As he finished the thought, the mutt Harmony played with on the floor jumped up, looked in his direction, and bared his teeth as if reading his mind.

Smart dog.

While he loved most animals, he hated dogs. Here was another reason why.

  

Harmony nursed a second beer, hope of the source showing up dwindling with every sip. Every time her phone chirped, she’d look at the display. Normally she liked it when her men messaged her. But now they were just false positives. She didn’t want to hear from them. She wanted to hear from the source who seemed to be playing a pathetic game.

The conversation with Brack, while deliciously playful, had turned business when he asked if she wanted him to shoot to kill. From just about anyone else, that line would be nothing but a bad joke, or at least one in poor taste. From Brack, it was serious. He took things to the edge and then jumped off.

Her instruction had been to incapacitate but not fatally wound. They still hadn’t found Maureen. A dead source or kidnapper told no tales.

The next phone chirp was Tess. Thinner by ounces, Tess had the true light blonde hair men sometimes killed for, and that glasses-wearing librarian thing going for her. The problem as Harmony saw it was that Tess was too damn smart for her own good. She had no heart, at least not one that got in the way of advancing her career. While Harmony always had at least two, or sometimes three like at present, men to toy with, Tess struggled to hold onto one. They’d be attracted to her physical beauty but most couldn’t hold an intelligent conversation to keep her attention.

Harmony’s strength, as she saw it, was reading people, seeing what they had to offer, and getting what she could from them. Tess didn’t have the patience.

The mistake Harmony knew she’d made last year, when she got in her Jeep with Tim the drug dealer and thinking it was a good idea, was pride. Crome, whom she’d been toying with, had broken protocol and asked Brack to find out from Darcy some information. Nothing wrong except that sooner or later, Harmony would have found it. But the man had gone around her. And no one went around Harmony, as far as she was concerned.

So she got shot for being a bonehead. She wouldn’t make that mistake again. Brack’s wife might not appreciate Harmony using her husband as backup, but that didn’t stop him from agreeing so it must be okay, right?

Someone like Tess would dismiss the whole idea as illogical, but Harmony knew deep down that she used people.
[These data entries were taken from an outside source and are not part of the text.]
Lemma misplaced_unique i i' : misplaced i -> misplaced i' -> totsz I Y < M -> i = i'.
Proof.
move=> mi mi' y_lt; have [p_gt _] := misplaced_partner mi y_lt.
have [p'_gt _] := misplaced_partner mi' y_lt; apply/eqP/negPn/negP => ii'.
move: mi mi' => /and3P[i_lt _ ai] /and3P[i'_lt _ ai']; have M_lt' := M_lt.
have : psz I i + psz I i' <= load_on I a.
  by apply: (ler_sum_pred2 psz_ge0); rewrite ?iota_uniq ?mem_iota.
have := opt_m2; lra.
Qed.

Lemma m1_load_le_of_lt : totsz I Y < M -> load_on I (fun i => i \notin Y) <= 2 - M.
Proof.
move=> y_lt; have M_ge' := M_ge; have M_lt' := M_lt; have opt_m1' := opt_m1.
have r_uniq := iota_uniq 0 (size I).
have [/hasP[i i_in mi]|/hasPn no_mis] := boolP (has misplaced (iota 0 (size I))); last first.
  suff : load_on I (fun i => i \notin Y) <= load_on I (fun i => ~~ a i) by lra.
  apply: (ler_sum_pred psz_ge0) => j j_in jNY; apply: contraT => /negbNE aj.
  have := no_mis j j_in; rewrite /misplaced jNY aj /= andbT.
  by move: j_in; rewrite mem_iota add0n => /= ->.
have [p_gt [k Yk [ak p_lt]]] := misplaced_partner mi y_lt.
have k_in : k \in iota 0 (size I).
  by rewrite mem_iota add0n; have [_] := Ystate_wf M I (size I); apply.
rewrite {1}/load_on (bigID a) /=.
have A_le : \sum_(j <- iota 0 (size I) | (j \notin Y) && a j) psz I j <= psz I i.
  rewrite -(big_pred1_seq _ r_uniq i_in); apply: (ler_sum_pred psz_ge0) => j j_in /andP[jNY aj].
  apply/eqP; apply: misplaced_unique => //.
  by rewrite /misplaced jNY aj !andbT; move: j_in; rewrite mem_iota add0n.
have B_le : \sum_(j <- iota 0 (size I) | (j \notin Y) && ~~ a j) psz I j + psz I k
            <= load_on I (fun i => ~~ a i).
  rewrite -(big_pred1_seq _ r_uniq k_in) -big_predU_disj.
    by apply: (ler_sum_pred psz_ge0) => j _ /orP[/andP[_ //]|/eqP->].
  by move=> j /andP[jNY _]; apply: contraNneq jNY => ->.
have p_le1 := psz_le1 i.
have : 0 <= (1 - M) * (1 - psz I i) by apply: mulr_ge0; lra.
lra.
Qed.

Lemma m1_load_le : load_on I (fun i => i \notin Y) <= 2 - M.
Proof.
have [M_le|] := lerP M (totsz I Y); last exact: m1_load_le_of_lt.
have [Y_uniq Y_lt] := Ystate_wf M I (size I).
have splitY : \sum_(i <- iota 0 (size I)) psz I i
              = totsz I Y + load_on I (fun i => i \notin Y).
  by rewrite totsz_load_on // /load_on (bigID (mem Y)).
have splitA : \sum_(i <- iota 0 (size I)) psz I i
              = load_on I (fun i => ~~ a i) + load_on I a.
  by rewrite /load_on (bigID a) addrC.
have opt_m1' := opt_m1; have opt_m2' := opt_m2; lra.
Qed.

Lemma makespan_C_le : makespan_C M I <= 2 - M.
Proof.
rewrite /makespan_C /loads_C /= ge_max totsz_filter_iota m1_load_le /=.
by apply: Ystate_load_le => //; exact: psz_le1.
Qed.

End MachineOneLoad.

Theorem mainTheorem10 (R : realFieldType) (M : R) :
  1 / 2 <= M -> M < 2 / 3 ->
  (forall (I : seq (job R)), valid_input I ->
     forall j, (j < size I)%N -> totsz I (migrated M I j) <= M * psz I j) /\
  (forall (I : seq (job R)), valid_input I -> opt_makespan_is I 1 ->
     makespan_C M I <= 2 - M).
Proof.
move=> M_ge M_lt; split=> [I I_valid j _|I I_valid].
  by apply: stepC_migration => //; exact: valid_input_psz_ge0.
case/opt_makespan_is_1=> a a_valid [opt_m1 opt_m2].
by apply: makespan_C_le opt_m1 opt_m2 => //; exact: valid_input_psz_ge0.
Qed.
She was using Brack. After being shot, she had done a lot of self evaluation and had decided from then on to be honest with herself no matter what.
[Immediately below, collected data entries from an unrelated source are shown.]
Lemma collapse_not_kept K z : ~ kept adj HH K -> collapse z K = (fun _ => False).
Proof. by move=> nk; apply: funext => y; apply: propext; split=> // -[]. Qed.

Lemma Yvert_collapse z : Yvert adj HH (collapse z).
Proof.
split.
- by move=> K; apply: collapse_not_kept.
- move=> K kK; exists z; apply: funext => y; apply: propext.
  by rewrite /collapse; tauto.
- by move=> K K' kK kK'; exists z; split; split=> //; apply: sameside_refl.
- move=> z'; have [k w] := connected_walk Hmg z z'.
  have [l hl] := walk_separating_finite (elimT (asboolP _) w).
  by exists l => K [hK nHK] nc; apply: hl => // ss; apply: nc.
Qed.

Lemma collapse_edge_eq a b K : adj a b -> K <> hp a b -> collapse a K = collapse b K.
Proof.
move=> ab nK; apply: funext => y; apply: propext; rewrite /collapse.
have sab K' : hyperplane adj K' -> K' <> hp a b -> sameside K' a b.
  by move=> hK' nK'; apply: (sameside_edge ab) => /(hyperplane_eq hK').
split=> -[[hK nHK] h]; split=> //.
- exact: sameside_trans (sameside_sym hK (sab _ hK nK)) h.
- exact: sameside_trans (sab _ hK nK) h.
Qed.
People like Brack could die helping her. She knew this. Such was life.

  

Wednesday, early evening

  

Volunteering to monitor the tracker they’d placed on Crome’s motorcycle, Tess decided, was not the most rewarding of tasks. But it had to be done. The man was out of control, but only inasmuch as he was dissing his friends and she couldn’t understand why.

With a borrowed Toyota Camry and the tablet from Harmony, Tess had done her best to keep up with the biker. It wasn’t easy. The man must have thought obeying traffic laws was a voluntary activity. The poor car gave all she had, and it was barely enough at times. Luckily the tracker made up the difference. If she lost him, and it happened quite frequently, the tracker told her by how far.
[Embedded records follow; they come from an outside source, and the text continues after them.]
(* Let $\mathcal{A}$ be an $\alpha$-approximation algorithm ($\alpha\ge 1$) for the single-machine non-preemptive scheduling problem with release times and delivery times (problem $1|r_j|L_{\max}$ in the delivery-time model). Let $G$ be the dependency graph produced by the following procedure: for each semaphore $s_k$, let $\mathbf{T}_k=\{\tau_i:\sigma_i=s_k\}$; for each $\tau_i\in\mathbf{T}_k$ create a job $J_i$ with release time $r_i=C_{i,1}$, processing time $p_i=A_{i,1}$ and delivery time $q_i=C_{i,2}$; apply $\mathcal{A}$ to these jobs to obtain a non-preemptive single-machine schedule $\rho_k$; let $\pi_k$ be the order in which $\rho_k$ executes the jobs, and include the edge $(A_{i,1},A_{j,1})$ whenever $J_j$ is executed immediately after $J_i$ (not necessarily contiguously in time) in $\rho_k$; together with the edges $(C_{i,1},A_{i,1}),(A_{i,1},C_{i,2})$ for all tasks, this defines $G$. Then $len(G)\le \alpha\cdot len(G^* )$.
   Context: Task model: a set $\mathbf{T}$ of $N$ tasks. Each task $\tau_i$ releases exactly one job at time $0$, consisting of three subjobs executed sequentially in this order: a first non-critical section of execution time $C_{i,1}\ge 0$, a critical section of execution time $A_{i,1}\ge 0$ guarded by a binary semaphore $\sigma_i\in\{s_1,\dots,s_z\}$ (each task uses exactly one semaphore), and a second non-critical section of execution time $C_{i,2}\ge 0$. Dependency graph: a dependency graph $G$ of $\mathbf{T}$ is a directed graph whose vertices are the $3N$ subjobs $C_{i,1},A_{i,1},C_{i,2}$, weighted by their execution times, containing the edges $(C_{i,1},A_{i,1})$ and $(A_{i,1},C_{i,2})$ for every $i$, and, for each semaphore $s_k$, a total order $\pi_k$ on $\mathbf{T}_k$ together with the edges $(A_{i,1},A_{j,1})$ whenever $\pi_k(\tau_i)=\pi_k(\tau_j)-1$ (no other edges). The length of a path is the sum of the weights of its vertices; $len(G)$ is the maximum length of a path in $G$. $G^*$ denotes a dependency graph minimizing $len(G)$. Delivery-time model of $1|r_j|L_{\max}$: a single machine processes jobs $J_j$ with release time $r_j\ge0$, processing time $p_j\ge 0$ and delivery time $q_j\ge 0$ non-preemptively, no job starting before its release time; if $J_j$ completes at time $c_j$, its result is delivered at $c_j+q_j$; the objective is to minimize $\max_j (c_j+q_j)$. An $\alpha$-approximation algorithm always returns a schedule whose objective is at most $\alpha$ times the optimum. *)

From HB Require Import structures.
From mathcomp Require Import all_boot all_order all_algebra.
Set Implicit Arguments. Unset Strict Implicit. Unset Printing Implicit Defensive.
Import Order.TTheory GRing.Theory Num.Theory.
Local Open Scope ring_scope.

Record schedule (R : Type) (J : Type) := Schedule {
  sorder : seq J;
  sstart : J -> R }.

Section Sched.
Variables (R : realFieldType) (J : finType).

Definition feasible (r p : J -> R) (S : schedule R J) : Prop :=
  [/\ perm_eq (sorder S) (enum J),
      forall j, r j <= sstart S j &
      sorted (fun a b => sstart S a + p a <= sstart S b) (sorder S)].

Definition objective (p q : J -> R) (S : schedule R J) : R :=
  \big[Num.max/0]_(j : J) (sstart S j + p j + q j).
End Sched.

Definition algorithm (R : realFieldType) :=
  forall J : finType, (J -> R) -> (J -> R) -> (J -> R) -> schedule R J.

Definition approx_alg (R : realFieldType) (alpha : R) (A : algorithm R) : Prop :=
  forall (J : finType) (r p q : J -> R),
    (forall j, [/\ 0 <= r j, 0 <= p j & 0 <= q j]) ->
    feasible r p (A J r p q) /\
    forall S : schedule R J, feasible r p S ->
      objective p q (A J r p q) <= alpha * objective p q S.

(* vertices: subjob (i, 0) = C_{i,1}, (i, 1) = A_{i,1}, (i, 2) = C_{i,2} *)
Definition vertex (N : nat) := ('I_N * 'I_3)%type.

Section DepGraph.
Variables (R : realFieldType) (N z : nat) (sigma : 'I_N -> 'I_z)
          (C1 A1 C2 : 'I_N -> R).

Definition tasks_of (k : 'I_z) : seq 'I_N := [seq i <- enum 'I_N | sigma i == k].

(* a family of orders pi_k is admissible iff each pi_k is a total order
   (a duplicate-free listing) of T_k *)
Definition admissible (pi : 'I_z -> seq 'I_N) : Prop :=
  forall k, perm_eq (pi k) (tasks_of k).

Definition weight (v : vertex N) : R :=
  if (v.2 : nat) == 0%N then C1 v.1
  else if (v.2 : nat) == 1%N then A1 v.1 else C2 v.1.

Definition dep_edge (pi : 'I_z -> seq 'I_N) : rel (vertex N) :=
  fun u v =>
    ((u.1 == v.1) && ((((u.2 : nat) == 0%N) && ((v.2 : nat) == 1%N)) ||
                      (((u.2 : nat) == 1%N) && ((v.2 : nat) == 2%N))))
    || [&& (u.2 : nat) == 1%N, (v.2 : nat) == 1%N, sigma u.1 == sigma v.1 &
           infix [:: u.1; v.1] (pi (sigma u.1))].

Definition gpath (e : rel (vertex N)) (s : seq (vertex N)) : bool :=
  if s is x :: s' then path e x s' else true.

Definition path_len (s : seq (vertex N)) : R := \sum_(v <- s) weight v.

(* len(G): maximum length of a (simple) path; dependency graphs are acyclic,
   so every path is simple, and a simple path is an ordering of its vertex set *)
Definition len (e : rel (vertex N)) : R :=
  \big[Num.max/0]_(X : {set vertex N})
     \big[Num.max/0]_(s <- permutations (enum X) | gpath e s) path_len s.

Definition alg_orders (A : algorithm R) (k : 'I_z) : seq 'I_N :=
  map val (sorder (A {i : 'I_N | sigma i == k}
                     (fun j => C1 (val j)) (fun j => A1 (val j))
                     (fun j => C2 (val j)))).
End DepGraph.

(* For any admissible orders, start times that respect release times and
   the order of each semaphore's critical sections bound every path: along an
   edge, the completion time of a subjob grows by at least the weight of the
   next one, so len(G) is at most the largest completion-plus-delivery time.
   The schedules rho_k give such start times for the algorithm's orders, so
   len(G) <= max_k L_max(rho_k) <= alpha * max_k OPT_k.  Conversely, for
   arbitrary admissible orders pi, list scheduling T_k in the order pi_k
   finishes every job j (plus delivery) no later than the length of a path
   C_{i,1} -> A_{i,1} -> ... -> A_{j,1} -> C_{j,2} of G_pi, where i starts
   the idle-free stretch ending with j; hence OPT_k <= len(G_pi). *)

From HB Require Import structures.
From mathcomp Require Import all_boot all_order all_algebra.
From mathcomp Require Import lra.
Import Order.TTheory GRing.Theory Num.Theory.
Local Open Scope ring_scope.

Lemma infix_nth_succ (T : eqType) (d : T) s i : (i.+1 < size s)%N ->
  infix [:: nth d s i; nth d s i.+1] s.
Proof.
elim: s i => [|a s IH] [|i] //=.
  by case: s {IH} => [|b s] //= _; rewrite !eqxx prefix0s.
by move=> lt_is; rewrite IH ?orbT.
Qed.

Lemma last_iota m l : last m (iota m.+1 l) = (m + l)%N.
Proof. by elim: l m => [|l IH] m /=; rewrite ?addn0 // IH addnS. Qed.

Section DependencyGraphLength.
Variables (R : realFieldType) (N z : nat) (sigma : 'I_N -> 'I_z)
          (C1 A1 C2 : 'I_N -> R).
Hypothesis times_ge0 : forall i, [/\ 0 <= C1 i, 0 <= A1 i & 0 <= C2 i].

Local Notation weight := (weight C1 A1 C2).
Local Notation path_len := (path_len C1 A1 C2).
Local Notation len := (len C1 A1 C2).

Lemma path_len_le_len e s : uniq s -> gpath e s -> path_len s <= len e.
Proof.
move=> s_uniq s_path; apply: le_trans (le_bigmax _ _ [set x in s]).
apply: le_bigmax_seq => //; rewrite mem_permutations.
by apply: uniq_perm; rewrite ?enum_uniq // => x; rewrite mem_enum inE.
Qed.

Lemma len_ge0 e : 0 <= len e.
Proof. by have := @path_len_le_len e [::] isT isT; rewrite /path_len big_nil. Qed.

Section StartTimes.
Variables (pi : 'I_z -> seq 'I_N) (st : 'I_N -> R).
Hypothesis st_release : forall i, C1 i <= st i.
Hypothesis st_order :
  forall i j, infix [:: i; j] (pi (sigma i)) -> st i + A1 i <= st j.

Definition completion (v : vertex N) : R :=
  if (v.2 : nat) == 0%N then C1 v.1
  else if (v.2 : nat) == 1%N then st v.1 + A1 v.1
  else st v.1 + A1 v.1 + C2 v.1.

Lemma weight_le_completion v : weight v <= completion v.
Proof.
case: v => i o; have := st_release i; case: (times_ge0 i) => C1_ge0 A1_ge0 _.
by rewrite /weight /completion /=; case: ifP => _; [|case: ifP => _]; lra.
Qed.

Lemma completion_dep_edge u v :
  dep_edge sigma pi u v -> completion u + weight v <= completion v.
Proof.
case: u => i [[|[|[|?]]] ?] //; case: v => j [[|[|[|?]]] ?] //;
  rewrite /dep_edge /completion /weight /= ?andbF ?orbF ?andbT //.
- by move=> /eqP <-; have := st_release i; lra.
- by move=> /andP[_ /st_order]; lra.
- by move=> /eqP <-.
Qed.

Lemma completion_path x s : path (dep_edge sigma pi) x s ->
  completion x + path_len s <= completion (last x s).
Proof.
elim: s x => [|y s IH] x /=; first by rewrite /path_len big_nil addr0.
case/andP => /completion_dep_edge xy /IH ys.
by rewrite /path_len big_cons addrA; apply: le_trans _ ys; rewrite lerD2r.
Qed.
Crome must have sensed he was being followed because he doubled back several times, making extra turns. He’d almost outsmarted her on more than one occasion, and once to the point that the cover of her rolling incognito car would be blown. She’d had to pull into a gas station and duck when he’d made a quick U-turn and accelerated back toward her. Lucky for her, the sound of his straight-piped exhaust announced both his presence and departure. She’d simply waited for the rumble to lessen.

What she didn’t expect was his destination. When he turned into the parking lot of the Palmetto Pulse, she nearly followed behind him, catching herself at the last minute and accelerating away.

Parking a block down with a view of the exit of the lot, she put on a baseball cap and called Harmony. Together they’d decide if they were ready to call Blu yet.